In Florida’s Raiford Penitentiary in 1972 he began to study astrology, and started corresponding with a divorcee named Angela Covic, whom he had contacted through an astrology magazine.
She flew to Florida, was impressed by the gaunt good looks of the tall red-headed convict, and agreed to marry him.
She hired a lawyer to work on his parole, and when he was released on 14 May 1972, Knowles hastened to San Francisco to claim his bride.
She soon had second thoughts; a psychic had told her that she was mixed up with a very dangerous man.
Knowles stayed at her mother’s apartment, but after four days Angela Covic told him she had decided to return to her husband, and gave him his air ticket back to Florida.
We have seen that, when the Violent Man is rejected by a woman, the result is an explosion of rage and self-pity that contains a suicidal component.
Knowles conformed to type; he later claimed that he went out on to the streets of San Francisco and killed three people at random.

Back in his home town of Jacksonville, Florida, on 26 July 1974 Knowles got into a fight in a bar and was locked up for the night.
He escaped, broke into the home of a sixty-five-year-old teacher, Alice Curtis, and stole her money and her car.
He rammed a gag too far down her throat and she suffocated.
A few days later, as he parked the stolen car, he noticed two children looking at him as if they recognised him – their mother was, in fact, a friend of his family.
He forced them into the car and drove away.
The bodies of seven-year-old Mylette Anderson and her eleven-year-old sister Lillian were later found in a swamp.

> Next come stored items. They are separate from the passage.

Lemma lprod_perm l l' : Permutation l l' -> forall m, lprod A m l = lprod A m l'.
Proof.
  unfold lprod; induction 1; intros m; simpl; auto.
  - rewrite mul_right_comm; reflexivity.
  - rewrite IHPermutation1; apply IHPermutation2.
Qed.

Lemma lprod_cons_dup m a l : In a l -> lprod A m (a :: l) = lprod A m l.
Proof.
  intros Hin. apply in_split in Hin as [l1 [l2 ->]].
  assert (Hmid : Permutation (l1 ++ a :: l2) (a :: l1 ++ l2))
    by apply Permutation_sym, Permutation_middle.
  rewrite (lprod_perm _ _ (perm_skip a Hmid)), (lprod_perm _ _ Hmid).
  unfold lprod; simpl. rewrite <- smul_assoc, mul_sq_r; reflexivity.
Qed.

Lemma lprod_app_incl m l' l : incl l' l -> lprod A m (l' ++ l) = lprod A m l.
Proof.
  induction l' as [|a l' IH]; intros Hincl; [reflexivity|].
  rewrite <- app_comm_cons, lprod_cons_dup.
  - apply IH, (incl_cons_inv Hincl).
  - apply in_or_app; right; apply Hincl; left; reflexivity.
Qed.

Lemma lprod_incl_eq m l1 l2 : incl l1 l2 -> incl l2 l1 -> lprod A m l1 = lprod A m l2.
Proof.
  intros H12 H21.
  rewrite <- (lprod_app_incl m l2 l1 H21), (lprod_perm _ _ (Permutation_app_comm l2 l1)).
  apply lprod_app_incl, H12.
Qed.

Lemma lprod_head_dup a l : l <> [] -> lprod A a l = lprod A a (a :: l).
Proof.
  destruct l as [|b l]; [congruence|]; intros _.
  unfold lprod; simpl; rewrite mul_sq_l; reflexivity.
Qed.

Lemma eval_word_content {V : Type} (r : V -> A) x T1 T2 :
  T1 <> [] -> T2 <> [] -> incl (x :: T1) (x :: T2) -> incl (x :: T2) (x :: T1) ->
  eval_word A r (x, T1) = eval_word A r (x, T2).
Proof.
  intros N1 N2 H12 H21; unfold eval_word; simpl.
  rewrite (lprod_head_dup _ (map r T1)), (lprod_head_dup _ (map r T2))
    by (intros Hnil; apply map_eq_nil in Hnil; contradiction).
  apply lprod_incl_eq; [apply (incl_map r H12) | apply (incl_map r H21)].
Qed.

Lemma word_le_of_covered {V : Type} (r : V -> A) w Q X :
  covered w Q -> (forall u, In u Q -> le (eval_word A r u) X) -> le (eval_word A r w) X.
Proof.
  destruct w as [x T]; intros [[[hu Tu] [Hu Hsub]] Hlong] HQ.
  unfold content in Hsub; simpl in Hsub, Hlong.
  destruct T as [|t T].
  - assert (Hhu : hu = x) by (destruct (Hsub hu (in_eq _ _)) as [->|[]]; reflexivity).
    subst hu. destruct Tu as [|t' Tu]; [exact (HQ _ Hu)|].
    eapply le_trans; [| apply (HQ _ Hu)].
    rewrite (eval_word_content r x (t' :: Tu) [x]); try discriminate.
    + exact (le_sq (r x)).
    + intros v Hv; right; apply Hsub, Hv.
    + intros v [<-|[<-|[]]]; left; reflexivity.
  - destruct (Hlong ltac:(discriminate)) as [[|t0 T0] [N0 H0]]; [congruence|].
    assert (Hxu : le (r x * eval_word A r (hu, Tu)) X).
    { eapply le_trans; [apply (mul_le_add_mul _ _ (eval_word A r (t0, T0)))|].
      apply add_lub; [exact (HQ _ Hu)|].
      change (r x) with (eval_word A r (x, [])); rewrite <- eval_word_wcat.
      exact (HQ _ H0). }
    eapply le_trans; [| exact Hxu].
    assert (Hw : eval_word A r (x, t :: T) = eval_word A r (wcat (wcat (x, []) (hu, Tu)) (t, T))).
    { apply eval_word_content; try discriminate; simpl.
      - intros v [<-|Hv]; [left; reflexivity|].
        right; apply (in_or_app (hu :: Tu)); right; exact Hv.
      - intros v [<-|Hv]; [left; reflexivity|].
        apply (in_app_or (hu :: Tu)) in Hv as [Hv|Hv]; [apply Hsub, Hv | right; exact Hv]. }
    rewrite Hw, !eval_word_wcat. apply mul_ext_le.
Qed.

End SigmaModels.

Definition indicator {V : Type} (Y : V -> Prop) (v : V) : S453 :=
  if excluded_middle_informative (Y v) then e3 else e2.

Lemma indicator_in {V : Type} (Y : V -> Prop) v : Y v -> indicator Y v = e3.
Proof. unfold indicator; destruct excluded_middle_informative; tauto. Qed.

Lemma indicator_out {V : Type} (Y : V -> Prop) v : ~ Y v -> indicator Y v = e2.
Proof. unfold indicator; destruct excluded_middle_informative; tauto. Qed.

Lemma lprod453_e2 l : lprod S453 e2 l = e2.
Proof. unfold lprod; induction l; simpl; auto. Qed.

Lemma lprod453_e4 l : lprod S453 e4 l = e4.
Proof. unfold lprod; induction l; simpl; auto. Qed.

Lemma lprod453_e1_or_e4 m l : m = e1 \/ m = e4 -> lprod S453 m l = e1 \/ lprod S453 m l = e4.
Proof.
  unfold lprod; revert m; induction l as [|a l IH]; intros m Hm; [exact Hm|].
  apply IH; destruct Hm as [-> | ->]; destruct a; simpl; auto.
Qed.

Lemma lprod453_e1 l : (forall a, In a l -> a = e3) -> lprod S453 e1 l = e1.
Proof.
  unfold lprod; induction l as [|a l IH]; intros Hl; [reflexivity|].
  simpl; rewrite (Hl a (in_eq _ _)); apply IH; intros b Hb; apply Hl; right; exact Hb.
Qed.

Lemma lprod453_e2_in m l : m = e1 \/ m = e3 -> In e2 l -> lprod S453 m l = e4.
Proof.
  unfold lprod; revert m; induction l as [|a l IH]; intros m Hm Hl; [destruct Hl|].
  destruct Hl as [->|Hl].
  - destruct Hm as [-> | ->]; apply lprod453_e4.
  - simpl; destruct Hm as [-> | ->]; destruct a;
      solve [apply IH; auto | apply lprod453_e4 | apply lprod453_e2].
Qed.

Section IndicatorWords.
Variables (V : Type) (Y : V -> Prop).

Lemma eval_word_indicator_le_e4 w :
  (exists v, In v (content w) /\ ~ Y v) -> le (eval_word S453 (indicator Y) w) e4.
Proof.
  destruct w as [x T]; intros [v [Hv Hnv]]; unfold eval_word; simpl.
  destruct (classic (Y x)) as [Hx|Hx].
  - rewrite indicator_in by exact Hx.
    destruct Hv as [<-|Hv]; [contradiction|].
    rewrite lprod453_e2_in; [reflexivity | right; reflexivity |].
    rewrite <- (indicator_out Y v Hnv); apply in_map, Hv.
  - rewrite indicator_out, lprod453_e2 by exact Hx; reflexivity.
Qed.

Lemma eval_word_indicator_not_le_e4 w :
  (forall v, In v (content w) -> Y v) -> ~ le (eval_word S453 (indicator Y) w) e4.
Proof.
  destruct w as [x T]; intros Hw; unfold eval_word; simpl.
  rewrite indicator_in by (apply Hw; left; reflexivity).
  destruct T as [|t T]; [discriminate|]. simpl.
  rewrite indicator_in by (apply Hw; right; left; reflexivity).
  rewrite lprod453_e1; [discriminate|].
  intros a Ha; apply in_map_iff in Ha as [v [<- Hv]].
  apply indicator_in, Hw; right; right; exact Hv.
Qed.

Lemma eval_word_indicator_le_e3 w :
  (Y (fst w) -> snd w = []) -> le (eval_word S453 (indicator Y) w) e3.
Proof.
  destruct w as [x T]; intros Hw; unfold eval_word; simpl in *.
  destruct (classic (Y x)) as [Hx|Hx].
  - rewrite (Hw Hx), indicator_in by exact Hx; reflexivity.
  - rewrite indicator_out, lprod453_e2 by exact Hx; reflexivity.
Qed.

Lemma eval_word_indicator_not_le_e3 w :
  Y (fst w) -> snd w <> [] -> ~ le (eval_word S453 (indicator Y) w) e3.
Proof.
  destruct w as [x [|t T]]; intros Hx HT; [contradiction HT; reflexivity|].
  unfold eval_word; simpl in *.
  rewrite indicator_in by exact Hx.
  assert (Ht : mul453 e3 (indicator Y t) = e1 \/ mul453 e3 (indicator Y t) = e4)
    by (unfold indicator; destruct excluded_middle_informative; auto).
  change (~ le (lprod S453 (mul453 e3 (indicator Y t)) (map (indicator Y) T)) e3).
  destruct (lprod453_e1_or_e4 _ (map (indicator Y) T) Ht) as [-> | ->]; discriminate.
Qed.

End IndicatorWords.

(* The separating assignments are the indicators of the letters of [w] and of
   the head of [w]. *)
Lemma covered_of_S453_le {V : Type} (w : word V) (q : term V) :
  (forall sg : V -> S453, le (eval_word S453 sg w) (eval S453 sg q)) -> covered w (words q).
Proof.
  intros Hle; split.
  - apply NNPP; intros Hnone.
    apply (eval_word_indicator_not_le_e4 V (fun v => In v (content w)) w); [auto|].
    eapply le_trans; [apply Hle|]. apply eval_le_of_words; intros u Hu.
    apply eval_word_indicator_le_e4, NNPP; intros Hall.
    apply Hnone; exists u; split; [exact Hu|].
    intros v Hv; apply NNPP; intros Hnv; apply Hall; eauto.
  - intros HT; apply NNPP; intros Hnone.
    apply (eval_word_indicator_not_le_e3 V (eq (fst w)) w); auto.
    eapply le_trans; [apply Hle|]. apply eval_le_of_words; intros [x T] Hu.
    apply eval_word_indicator_le_e3; simpl; intros <-.
    destruct T as [|t T]; [reflexivity|].
    exfalso; apply Hnone; exists (t :: T); split; [discriminate | exact Hu].
Qed.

What followed was a totally unmotivated murder rampage, as if Knowles had simply decided to kill as many people as he could before he was caught.
The following day, 2 August 1974, in Atlantic Beach, Florida, he broke into the home of Marjorie Howie, forty-nine, and strangled her with a stocking; he stole her television set.
A few days later he strangled and raped a teenage runaway who hitched a lift with him.
On 23 August he strangled Kathie Pierce in Musella, Georgia, while her three-year-old son looked on; Knowles left the child unharmed.
On 3 September near Lima, Ohio, he had several drinks with an accounts executive named William Bates, and later strangled him, driving off in the dead man’s white Impala.
After driving to California, Seattle and Utah (using Bates’s credit cards) he forced his way into a caravan in Ely, Nevada, on 18 September 1974, and shot to death an elderly couple, Emmett and Lois Johnson.
On 21 September he strangled and raped forty-two-year-old Mrs Charlynn Hicks, who had stopped to admire the view beside the road near Sequin, Texas.
On 23 September, in Birmingham, Alabama, he met an attractive woman named Ann Dawson, who owned a beauty shop, and they travelled around together for the next six days, living off her money; she was murdered on 29 September.
For the next sixteen days he drove around without apparently committing any further murders; but on 16 October he rang the doorbell of a house in Marlborough, Connecticut; it was answered by sixteen-year-old Dawn White, who was expecting a friend.
Knowles forced her up to the bedroom and raped her; when her mother, Karen White, returned home, he raped her too, then strangled them both with silk stockings, leaving with a tape recorder and Dawn White’s collection of rock records.
Two days later, he knocked on the door of fifty-three year old Doris Hovey in Woodford, Virginia, and told her he needed a gun and would not harm her; she gave him a rifle belonging to her husband, and he shot her through the head and left, leaving the rifle beside her body.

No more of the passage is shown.